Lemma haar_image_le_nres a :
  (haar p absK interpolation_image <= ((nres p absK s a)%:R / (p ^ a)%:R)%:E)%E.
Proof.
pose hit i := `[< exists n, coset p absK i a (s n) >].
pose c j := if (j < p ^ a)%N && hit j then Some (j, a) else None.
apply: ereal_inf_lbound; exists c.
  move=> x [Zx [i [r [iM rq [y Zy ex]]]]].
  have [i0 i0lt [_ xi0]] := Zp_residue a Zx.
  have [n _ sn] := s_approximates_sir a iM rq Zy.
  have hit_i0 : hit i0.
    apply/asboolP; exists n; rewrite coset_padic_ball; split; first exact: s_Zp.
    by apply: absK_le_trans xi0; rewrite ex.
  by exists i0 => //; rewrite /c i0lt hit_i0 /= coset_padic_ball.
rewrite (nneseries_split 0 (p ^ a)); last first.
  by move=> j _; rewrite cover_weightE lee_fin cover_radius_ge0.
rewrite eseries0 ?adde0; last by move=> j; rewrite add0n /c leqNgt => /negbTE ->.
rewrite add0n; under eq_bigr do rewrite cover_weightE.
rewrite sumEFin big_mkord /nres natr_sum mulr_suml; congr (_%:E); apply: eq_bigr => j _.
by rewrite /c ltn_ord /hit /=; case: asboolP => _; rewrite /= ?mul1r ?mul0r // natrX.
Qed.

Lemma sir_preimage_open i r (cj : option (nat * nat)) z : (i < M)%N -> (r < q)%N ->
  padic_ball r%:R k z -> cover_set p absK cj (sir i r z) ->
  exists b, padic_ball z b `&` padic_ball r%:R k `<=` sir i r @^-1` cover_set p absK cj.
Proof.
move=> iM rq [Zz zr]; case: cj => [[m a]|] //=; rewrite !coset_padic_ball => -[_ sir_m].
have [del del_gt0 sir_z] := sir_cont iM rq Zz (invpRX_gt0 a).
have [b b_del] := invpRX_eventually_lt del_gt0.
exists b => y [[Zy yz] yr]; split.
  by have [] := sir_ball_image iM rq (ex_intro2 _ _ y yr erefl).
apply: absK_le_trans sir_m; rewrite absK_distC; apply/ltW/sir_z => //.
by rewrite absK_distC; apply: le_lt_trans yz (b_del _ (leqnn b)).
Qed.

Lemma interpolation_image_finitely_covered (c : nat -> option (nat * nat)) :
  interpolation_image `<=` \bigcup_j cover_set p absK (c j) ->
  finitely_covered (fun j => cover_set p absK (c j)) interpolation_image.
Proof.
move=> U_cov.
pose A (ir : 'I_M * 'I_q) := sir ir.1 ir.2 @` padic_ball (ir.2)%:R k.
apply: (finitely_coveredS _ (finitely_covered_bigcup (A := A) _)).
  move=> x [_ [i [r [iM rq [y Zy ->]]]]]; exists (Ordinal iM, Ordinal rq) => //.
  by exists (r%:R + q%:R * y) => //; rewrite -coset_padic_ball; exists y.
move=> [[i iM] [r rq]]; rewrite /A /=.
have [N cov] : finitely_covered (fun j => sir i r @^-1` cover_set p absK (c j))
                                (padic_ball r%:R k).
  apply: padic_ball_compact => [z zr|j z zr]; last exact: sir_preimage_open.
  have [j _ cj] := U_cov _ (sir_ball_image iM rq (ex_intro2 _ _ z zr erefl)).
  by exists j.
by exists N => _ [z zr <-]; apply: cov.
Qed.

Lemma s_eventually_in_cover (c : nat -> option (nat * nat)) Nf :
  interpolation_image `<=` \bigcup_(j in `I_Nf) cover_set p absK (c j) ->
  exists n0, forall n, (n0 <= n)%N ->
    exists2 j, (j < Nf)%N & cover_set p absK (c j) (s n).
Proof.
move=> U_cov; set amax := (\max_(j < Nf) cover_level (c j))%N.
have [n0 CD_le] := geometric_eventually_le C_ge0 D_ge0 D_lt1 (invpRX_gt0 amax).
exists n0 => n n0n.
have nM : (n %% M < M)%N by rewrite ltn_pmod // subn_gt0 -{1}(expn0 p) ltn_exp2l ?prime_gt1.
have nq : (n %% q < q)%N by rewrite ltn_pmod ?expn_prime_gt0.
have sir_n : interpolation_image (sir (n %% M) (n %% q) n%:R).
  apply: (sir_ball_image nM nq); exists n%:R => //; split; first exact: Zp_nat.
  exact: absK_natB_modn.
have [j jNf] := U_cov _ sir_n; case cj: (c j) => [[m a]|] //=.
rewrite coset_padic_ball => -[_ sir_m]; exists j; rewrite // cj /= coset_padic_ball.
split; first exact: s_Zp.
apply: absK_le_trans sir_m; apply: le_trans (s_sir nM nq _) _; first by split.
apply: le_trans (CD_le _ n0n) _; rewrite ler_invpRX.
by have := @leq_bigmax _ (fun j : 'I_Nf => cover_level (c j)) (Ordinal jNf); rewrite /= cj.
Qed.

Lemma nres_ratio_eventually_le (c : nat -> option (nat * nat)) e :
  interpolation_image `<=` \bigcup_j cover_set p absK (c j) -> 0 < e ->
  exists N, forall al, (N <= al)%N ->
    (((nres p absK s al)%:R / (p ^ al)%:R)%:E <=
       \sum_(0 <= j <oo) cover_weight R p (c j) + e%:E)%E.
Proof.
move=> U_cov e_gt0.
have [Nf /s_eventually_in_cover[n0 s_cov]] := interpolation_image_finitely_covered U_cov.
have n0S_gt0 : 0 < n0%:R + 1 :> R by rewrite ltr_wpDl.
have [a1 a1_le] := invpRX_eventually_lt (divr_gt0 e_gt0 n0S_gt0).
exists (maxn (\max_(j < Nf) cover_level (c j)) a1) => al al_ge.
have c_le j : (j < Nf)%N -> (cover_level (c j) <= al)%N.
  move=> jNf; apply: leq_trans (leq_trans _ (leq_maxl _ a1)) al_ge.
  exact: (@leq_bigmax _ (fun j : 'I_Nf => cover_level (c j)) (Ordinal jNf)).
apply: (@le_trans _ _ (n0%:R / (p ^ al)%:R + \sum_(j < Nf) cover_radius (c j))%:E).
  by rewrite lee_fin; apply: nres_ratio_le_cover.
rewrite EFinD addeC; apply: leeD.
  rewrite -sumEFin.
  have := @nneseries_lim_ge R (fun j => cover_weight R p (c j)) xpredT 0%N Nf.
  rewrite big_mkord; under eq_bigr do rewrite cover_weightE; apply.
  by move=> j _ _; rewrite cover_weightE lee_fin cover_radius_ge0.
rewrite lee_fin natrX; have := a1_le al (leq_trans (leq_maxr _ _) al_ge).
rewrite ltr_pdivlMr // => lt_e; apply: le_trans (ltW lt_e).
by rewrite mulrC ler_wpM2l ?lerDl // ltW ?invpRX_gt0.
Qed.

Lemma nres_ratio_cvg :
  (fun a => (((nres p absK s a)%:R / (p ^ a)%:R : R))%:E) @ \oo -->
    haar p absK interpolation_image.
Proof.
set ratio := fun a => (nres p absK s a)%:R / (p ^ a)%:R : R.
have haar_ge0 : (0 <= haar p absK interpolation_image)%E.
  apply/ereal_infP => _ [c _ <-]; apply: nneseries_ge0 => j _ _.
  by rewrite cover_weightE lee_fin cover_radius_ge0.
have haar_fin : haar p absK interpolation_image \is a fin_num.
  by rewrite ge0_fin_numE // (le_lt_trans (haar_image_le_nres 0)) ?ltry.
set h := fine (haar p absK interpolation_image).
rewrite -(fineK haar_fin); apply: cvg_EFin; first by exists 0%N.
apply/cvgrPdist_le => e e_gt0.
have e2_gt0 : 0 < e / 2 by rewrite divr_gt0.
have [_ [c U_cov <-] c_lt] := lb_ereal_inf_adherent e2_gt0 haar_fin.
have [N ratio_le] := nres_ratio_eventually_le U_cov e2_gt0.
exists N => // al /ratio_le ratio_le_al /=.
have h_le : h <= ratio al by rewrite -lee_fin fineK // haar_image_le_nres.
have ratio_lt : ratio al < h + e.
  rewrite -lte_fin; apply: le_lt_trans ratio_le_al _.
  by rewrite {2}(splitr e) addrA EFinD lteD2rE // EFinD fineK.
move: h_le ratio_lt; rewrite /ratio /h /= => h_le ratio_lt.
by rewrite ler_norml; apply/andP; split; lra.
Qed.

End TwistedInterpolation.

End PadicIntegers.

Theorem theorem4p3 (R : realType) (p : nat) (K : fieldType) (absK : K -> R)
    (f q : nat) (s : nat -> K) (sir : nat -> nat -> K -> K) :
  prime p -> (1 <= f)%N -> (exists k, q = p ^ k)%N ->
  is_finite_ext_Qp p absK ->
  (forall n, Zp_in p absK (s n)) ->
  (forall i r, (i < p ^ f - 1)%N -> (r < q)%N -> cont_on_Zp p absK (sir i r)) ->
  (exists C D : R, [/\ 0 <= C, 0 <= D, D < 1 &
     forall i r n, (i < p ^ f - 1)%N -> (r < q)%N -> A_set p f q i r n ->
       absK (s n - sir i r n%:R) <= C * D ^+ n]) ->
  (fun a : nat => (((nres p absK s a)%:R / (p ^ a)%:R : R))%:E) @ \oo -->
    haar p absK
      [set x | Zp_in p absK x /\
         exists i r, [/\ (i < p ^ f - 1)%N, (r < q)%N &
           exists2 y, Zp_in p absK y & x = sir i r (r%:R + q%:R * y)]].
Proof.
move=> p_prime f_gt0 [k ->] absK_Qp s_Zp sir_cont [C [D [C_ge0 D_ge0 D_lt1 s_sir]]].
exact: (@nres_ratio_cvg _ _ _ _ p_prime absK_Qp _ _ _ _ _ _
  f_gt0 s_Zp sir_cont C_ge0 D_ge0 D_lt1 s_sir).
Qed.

**ACTIVITY**: Where a line of the records has the string "under", copy that line.

**YOUR RESPONSE**:
rewrite add0n; under eq_bigr do rewrite cover_weightE.
  rewrite big_mkord; under eq_bigr do rewrite cover_weightE; apply.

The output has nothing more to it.